(* Let $\varphi=\frac{1+\sqrt5}{2}$. Let $z\in\{0,1\}^*$, $n=[z]_F$ and $n'=[z0]_F$, and suppose $n\geq 1$ and ${\bf f}[n]=a$. Then $\lceil n/\varphi^2\rceil=\lceil n'/\varphi^3\rceil$.
   Context: Fibonacci numbers: $F_0=0$, $F_1=1$, $F_{m+2}=F_{m+1}+F_m$. For a binary word $k_m\cdots k_0$, $[k_m\cdots k_0]_F=\sum_{i=0}^m k_iF_{i+2}$. Standard Fibonacci words: $f_{-1}=b$, $f_0=a$, $f_{m+1}=f_mf_{m-1}$; the Fibonacci word ${\bf f}=\lim f_m=abaababaab\cdots$ is indexed from ${\bf f}[1]=a$. *)

From mathcomp Require Import all_boot all_order all_algebra.
From mathcomp Require Import reals.
Set Implicit Arguments. Unset Strict Implicit. Unset Printing Implicit Defensive.
Import Order.TTheory GRing.Theory Num.Theory.

Fixpoint fib (m : nat) : nat :=
  match m with
  | 0 => 0
  | 1 => 1
  | (m'.+1 as k).+1 => fib k + fib m'
  end.

(* A binary word z = k_m ... k_0 is a seq bool written in reading order
   (most significant letter k_m first, k_0 last).
   [k_m ... k_0]_F = \sum_i k_i F_{i+2}. *)
Definition evalF (z : seq bool) : nat :=
  \sum_(i < size z) (nth false (rev z) i) * fib i.+2.

Inductive letter := La | Lb.

(* fw k = f_{k-1}: fw 0 = f_{-1} = b, fw 1 = f_0 = a, f_{m+1} = f_m f_{m-1}. *)
Fixpoint fw (k : nat) : seq letter :=
  match k with
  | 0 => [:: Lb]
  | 1 => [:: La]
  | (k'.+1 as j).+1 => fw j ++ fw k'
  end.

(* The infinite Fibonacci word f = lim f_m, indexed from 1: f[n].
   f_{n+1} = fw (n.+2) is a prefix of f of length F_{n+3} >= n. *)
Definition fword (n : nat) : letter := nth La (fw n.+2) n.-1.

Definition phi {R : realType} : R := (1 + Num.sqrt 5) / 2.

(** The defect [[t0]_F - phi [t]_F] of a binary word [t] is
    [sum_i t_i (1 - phi)^(i+2)] (indices from the right), so it lies strictly
    between [-1/phi^2] and [1/phi]. Two words with the same value [n] have
    defects differing by an integer, hence equal. If [f[n] = a], the recursion
    [f_(m+1) = f_m f_(m-1)] yields a word of value [n] ending in [1] followed by
    an even number of [0]s, whose defect is positive. With [m = 2n - n'] and
    [E] the defect, [n / phi^2 = m + E] and [n' / phi^3 = m + 2 (phi - 1) E]
    where both added terms lie in [(0, 1]], so both ceilings are [m + 1]. *)
From mathcomp Require Import all_boot all_order all_algebra.
From mathcomp Require Import reals.
From mathcomp Require Import zify lra.
Import GRing.Theory Num.Theory.

Lemma fibSS n : fib n.+2 = fib n.+1 + fib n.
Proof. by []. Qed.

Lemma ltn_fib n : n < fib n.+2.
Proof.
elim/ltn_ind: n => [[|[|n]]] // IH.
by rewrite fibSS; have := IH n.+1 (ltnSn _); have := IH n (ltnW (ltnSn _)); lia.
Qed.

Lemma fwSS n : fw n.+2 = fw n.+1 ++ fw n.
Proof. by []. Qed.

Lemma size_fw k : size (fw k) = fib k.+1.
Proof.
elim/ltn_ind: k => [[|[|k]]] // IH.
by rewrite fwSS size_cat !IH // fibSS addnC.
Qed.

(* Little-endian: letter [i] of [s] weighs [F_(i+j)]; so [evalF z = fibval 2 (rev z)]. *)
Definition fibval (j : nat) (s : seq bool) : nat :=
  \sum_(i < size s) nth false s i * fib (i + j).

Lemma fibval_nil j : fibval j [::] = 0.
Proof. by rewrite /fibval big_ord0. Qed.

Lemma fibval_cons j k s : fibval j (k :: s) = k * fib j + fibval j.+1 s.
Proof.
rewrite /fibval big_ord_recl; congr (_ + _).
by apply: eq_bigr => i _; rewrite addSnnS.
Qed.

Lemma fibvalSS j s : fibval j.+2 s = fibval j.+1 s + fibval j s.
Proof.
rewrite /fibval -big_split; apply: eq_bigr => i _.
by rewrite !addnS fibSS mulnDr.
Qed.

Lemma fibval_cat j s t : fibval j (s ++ t) = fibval j s + fibval (size s + j) t.
Proof.
elim: s j => [|k s IH] j; first by rewrite fibval_nil.
by rewrite cat_cons !fibval_cons IH addnA addSnnS.
Qed.

Lemma fibval_nseq_false j d t : fibval j (nseq d false ++ t) = fibval (d + j) t.
Proof. by elim: d j => [|d IH] j //=; rewrite fibval_cons IH addSnnS. Qed.

Lemma evalF_fibval z : evalF z = fibval 2 (rev z).
Proof. by rewrite /evalF /fibval size_rev; apply: eq_bigr => i _; rewrite addn2. Qed.

Lemma evalF_rcons0 z : evalF (rcons z false) = fibval 3 (rev z).
Proof. by rewrite evalF_fibval rev_rcons fibval_cons. Qed.

(* Read most significant letter last: the word ends with [1] followed by an even number of [0]s. *)
Definition even_low_zeros (s : seq bool) : Prop :=
  exists k u, s = nseq k.*2 false ++ true :: u.

Lemma even_low_zeros_cat s t : even_low_zeros s -> even_low_zeros (s ++ t).
Proof. by move=> [k [u ->]]; exists k, (u ++ t); rewrite -catA. Qed.

Lemma fw_La_repr k m : 0 < m <= fib k.+1 -> nth La (fw k) m.-1 = La ->
  exists s, [/\ even_low_zeros s, fibval 2 s = m & size s <= k].
Proof.
elim/ltn_ind: k m => [[|[|k]]] IH m /andP[m_gt0 m_le].
- have -> : m = 1 by apply/eqP; rewrite eqn_leq m_le.
  by [].
- have -> : m = 1 by apply/eqP; rewrite eqn_leq m_le.
  exists [:: true]; split=> //; first by exists 0, [::].
  by rewrite fibval_cons fibval_nil.
rewrite fwSS nth_cat size_fw; case: ltnP => [m_lt | m_ge] fm.
  have m_bnd : 0 < m <= fib k.+2 by lia.
  have [s [s_even s_val s_size]] := IH k.+1 (ltnSn _) m m_bnd fm.
  by exists s; split => //; lia.
have fm' : nth La (fw k) (m - fib k.+2).-1 = La.
  by rewrite (_ : (m - fib k.+2).-1 = m.-1 - fib k.+2) //; lia.
have m'_bnd : 0 < m - fib k.+2 <= fib k.+1 by rewrite fibSS in m_le; lia.
have [s [s_even s_val s_size]] := IH k (ltnW (ltnSn _)) _ m'_bnd fm'.
exists (s ++ nseq (k - size s) false ++ [:: true]); split.
- exact: even_low_zeros_cat.
- rewrite fibval_cat fibval_nseq_false fibval_cons fibval_nil s_val.
  by rewrite (_ : k - size s + (size s + 2) = k.+2); lia.
- by rewrite !size_cat size_nseq /=; lia.
Qed.

Lemma fword_La_repr [n] : 0 < n -> fword n = La ->
  exists2 s, even_low_zeros s & fibval 2 s = n.
Proof.
move=> n_gt0 fn; have n_bnd : 0 < n <= fib n.+3 by have := ltn_fib n.+1; lia.
by have [s [s_even s_val _]] := fw_La_repr n.+2 n n_bnd fn; exists s.
Qed.

Local Open Scope ring_scope.

Lemma ceil_intrD1 (R : archiRealDomainType) (m : int) (y : R) :
  0 < y <= 1 -> Num.ceil (m%:~R + y) = m + 1.
Proof.
by move=> /andP[y_gt0 y_le1]; apply: ceil_def; rewrite addrK intrD; apply/andP; split; lra.
Qed.

Section Defect.
Variable R : realType.

Lemma phi_sqr : (phi : R) ^+ 2 = phi + 1.
Proof.
have s_sqr := @sqr_sqrtr R 5 (ler0n _ _).
by rewrite /phi expr2 in s_sqr *; lra.
Qed.

Lemma phi_itv : 3 / 2 < (phi : R) < 2.
Proof.
have s_sqr := @sqr_sqrtr R 5 (ler0n _ _).
have s_ge0 := @sqrtr_ge0 R 5.
rewrite /phi; rewrite expr2 in s_sqr; set s := Num.sqrt 5 in s_sqr s_ge0 *.
have s_gt2 : 2 < s by nra.
have s_lt3 : s < 3 by nra.
by apply/andP; split; lra.
Qed.

Lemma phi_sqrM (x : R) : phi * (phi * x) = phi * x + x.
Proof. by rewrite mulrA -expr2 phi_sqr mulrDl mul1r. Qed.

Lemma invf_phi2 : ((phi : R) ^+ 2)^-1 = 2 - phi.
Proof. by apply: mulr1_eq; have := phi_sqr; rewrite expr2 => phi2; nra. Qed.

Lemma invf_phi3 : ((phi : R) ^+ 3)^-1 = 2 * phi - 3.
Proof. by apply: mulr1_eq; have := phi_sqr; rewrite !exprS expr0 mulr1 => phi2; nra. Qed.

Definition err (s : seq bool) : R := (fibval 3 s)%:R - phi * (fibval 2 s)%:R.

Lemma err_nil : err [::] = 0.
Proof. by rewrite /err !fibval_nil mulr0 subr0. Qed.

Lemma err_cons (k : bool) s : err (k :: s) = k%:R * (2 - phi) + (1 - phi) * err s.
Proof.
rewrite /err !fibval_cons fibvalSS !natrD !natrM (_ : fib 3 = 2) // (_ : fib 2 = 1) //.
by have := phi_sqrM (fibval 2 s)%:R; lra.
Qed.

Lemma err_itv s : phi - 2 < err s < phi - 1.
Proof.
have := phi_sqr; rewrite expr2 => phi2; have /andP[phi_gt phi_lt] := phi_itv.
elim: s => [|k s /andP[lo hi]]; first by rewrite err_nil; apply/andP; split; lra.
have lo' : 0 < (phi - 1) * (phi - 1 - err s) by apply: mulr_gt0; lra.
have hi' : 0 < (phi - 1) * (err s - (phi - 2)) by apply: mulr_gt0; lra.
by rewrite err_cons; case: k; rewrite /= ?(mul1r, mul0r, add0r); apply/andP; split; lra.
Qed.

Lemma err_nseq_false d s : err (nseq d false ++ s) = (1 - phi) ^+ d * err s.
Proof.
elim: d => [|d IH]; first by rewrite mul1r.
by rewrite cat_cons err_cons IH /= mul0r add0r exprS mulrA.
Qed.

Lemma err_gt0 s : even_low_zeros s -> 0 < err s.
Proof.
have /andP[phi_gt phi_lt] := phi_itv.
move=> [k [u ->]]; rewrite err_nseq_false; apply: mulr_gt0.
  by rewrite exprn_even_gt0 ?odd_double //; apply/orP; right; apply/eqP; lra.
have /andP[_ hi] := err_itv u.
have : (phi - 1) * err u < (phi - 1) * (phi - 1) by rewrite ltr_pM2l //; lra.
by have := phi_sqr; rewrite err_cons /= mul1r expr2; lra.
Qed.

Lemma err_fibval2 [s t] : fibval 2 s = fibval 2 t -> err s = err t.
Proof.
move=> val_eq.
have /andP[lo_s hi_s] := err_itv s; have /andP[lo_t hi_t] := err_itv t.
rewrite /err val_eq in lo_s hi_s *; rewrite /err in lo_t hi_t.
suff -> : fibval 3 s = fibval 3 t by [].
by apply/eqP; rewrite eqn_leq; apply/andP; split; rewrite -ltnS -(ltr_nat R) -natr1; lra.
Qed.

Lemma fibval2_div_phi2 t :
  (fibval 2 t)%:R / phi ^+ 2 = ((fibval 2 t).*2%:Z - (fibval 3 t)%:Z)%:~R + err t.
Proof. by rewrite invf_phi2 intrB -!pmulrn /err -mul2n natrM; lra. Qed.

Lemma fibval3_div_phi3 t :
  (fibval 3 t)%:R / phi ^+ 3 = ((fibval 2 t).*2%:Z - (fibval 3 t)%:Z)%:~R + 2 * (phi - 1) * err t.
Proof.
rewrite invf_phi3 intrB -!pmulrn /err -mul2n natrM.
by have := phi_sqrM (fibval 2 t)%:R; have := phi_sqrM 1; rewrite !mulr1; lra.
Qed.

End Defect.

Theorem proposition5 (R : realType) (z : seq bool) :
  (1 <= evalF z)%N ->
  fword (evalF z) = La ->
  Num.ceil ((evalF z)%:R / (phi : R) ^+ 2) =
  Num.ceil ((evalF (rcons z false))%:R / (phi : R) ^+ 3).
Proof.
rewrite evalF_rcons0 evalF_fibval => n_gt0 fn.
have [s s_even s_val] := fword_La_repr n_gt0 fn.
have E_gt0 : 0 < err R (rev z) by rewrite -(err_fibval2 R s_val); exact: err_gt0.
have /andP[_ E_lt] := err_itv R (rev z).
have /andP[phi_gt phi_lt] := phi_itv R.
have E_phi : (phi - 1) * err R (rev z) < (phi - 1) * (phi - 1) by rewrite ltr_pM2l; lra.
rewrite fibval2_div_phi2 fibval3_div_phi3 !ceil_intrD1 //; apply/andP; split.
all: have := phi_sqr R; rewrite expr2; nra.
Qed.
(* Let $\nu\ge1$, $d:\mathbb{Z}^\nu\to\mathbb{C}$ bounded, $J=J_0+D$ on $\ell^2(\mathbb{Z}^\nu)$. (i) If $a\in\mathbb{R}$ is not an eigenvalue of $J_0+\Re(D)$, then $J$ has no boundary eigenvalue with real part $a$. (ii) Let $b\in\mathbb{R}$. If $\Im(d(k))\neq b$ for all $k\in\mathbb{Z}^\nu$, then $J$ has no boundary eigenvalue with imaginary part $b$.
   Context: $J_0$ is the discrete Laplacian on $\ell^2(\mathbb{Z}^\nu)$: $(J_0u)(k)=\sum_{l\in\mathbb{Z}^\nu:\|l\|_1=1}u(k+l)$, where $\|l\|_1=\sum_{j=1}^\nu|l_j|$. For a bounded $d:\mathbb{Z}^\nu\to\mathbb{C}$, $D$ is multiplication by $d$, and $\Re(D)$, $\Im(D)$ are multiplication by $\Re(d(k))$, $\Im(d(k))$. The numerical range is $\operatorname{Num}(J)=\{\langle Ju,u\rangle:\|u\|=1\}$, and a boundary eigenvalue of $J$ is an eigenvalue of $J$ lying in the topological boundary of $\operatorname{Num}(J)$. *)

From Stdlib Require Import Reals Lra ZArith List.
Open Scope R_scope.

Definition Cx : Type := (R * R)%type.
Definition Re (z : Cx) : R := fst z.
Definition Im (z : Cx) : R := snd z.
Definition C0 : Cx := (0, 0).
Definition RtoC (a : R) : Cx := (a, 0).
Definition Cadd (z w : Cx) : Cx := (fst z + fst w, snd z + snd w).
Definition Csub (z w : Cx) : Cx := (fst z - fst w, snd z - snd w).
Definition Cmul (z w : Cx) : Cx :=
  (fst z * fst w - snd z * snd w, fst z * snd w + snd z * fst w).
Definition Cconj (z : Cx) : Cx := (fst z, - snd z).
Definition Cmod (z : Cx) : R := sqrt (fst z * fst z + snd z * snd z).

Definition lat (nu : nat) (k : list Z) : Prop := length k = nu.

(** k + s e_j  (change the j-th coordinate of k by s) *)
Definition shift (k : list Z) (j : nat) (s : Z) : list Z :=
  firstn j k ++ (nth j k 0%Z + s)%Z :: skipn (S j) k.

Definition fsum (F : list (list Z)) (f : list Z -> Cx) : Cx :=
  fold_right (fun k acc => Cadd (f k) acc) C0 F.

(** f : Z^nu -> Cx is (unconditionally) summable over Z^nu with sum S:
    the net of finite partial sums converges to S. *)
Definition has_sum (nu : nat) (f : list Z -> Cx) (S : Cx) : Prop :=
  forall eps : R, 0 < eps ->
    exists F0 : list (list Z), Forall (lat nu) F0 /\
      forall F : list (list Z), NoDup F -> Forall (lat nu) F -> incl F0 F ->
        Cmod (Csub (fsum F f) S) < eps.

Definition l2 (nu : nat) (u : list Z -> Cx) : Prop :=
  exists S : Cx, has_sum nu (fun k => RtoC (Cmod (u k) * Cmod (u k))) S.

........

BRIEF —
Every line of the material above that has the string "addSnnS" needs pulling out.

EXERCISE SOLUTION —
by apply: eq_bigr => i _; rewrite addSnnS.
by rewrite cat_cons !fibval_cons IH addnA addSnnS.
Proof. by elim: d j => [|d IH] j //=; rewrite fibval_cons IH addSnnS. Qed.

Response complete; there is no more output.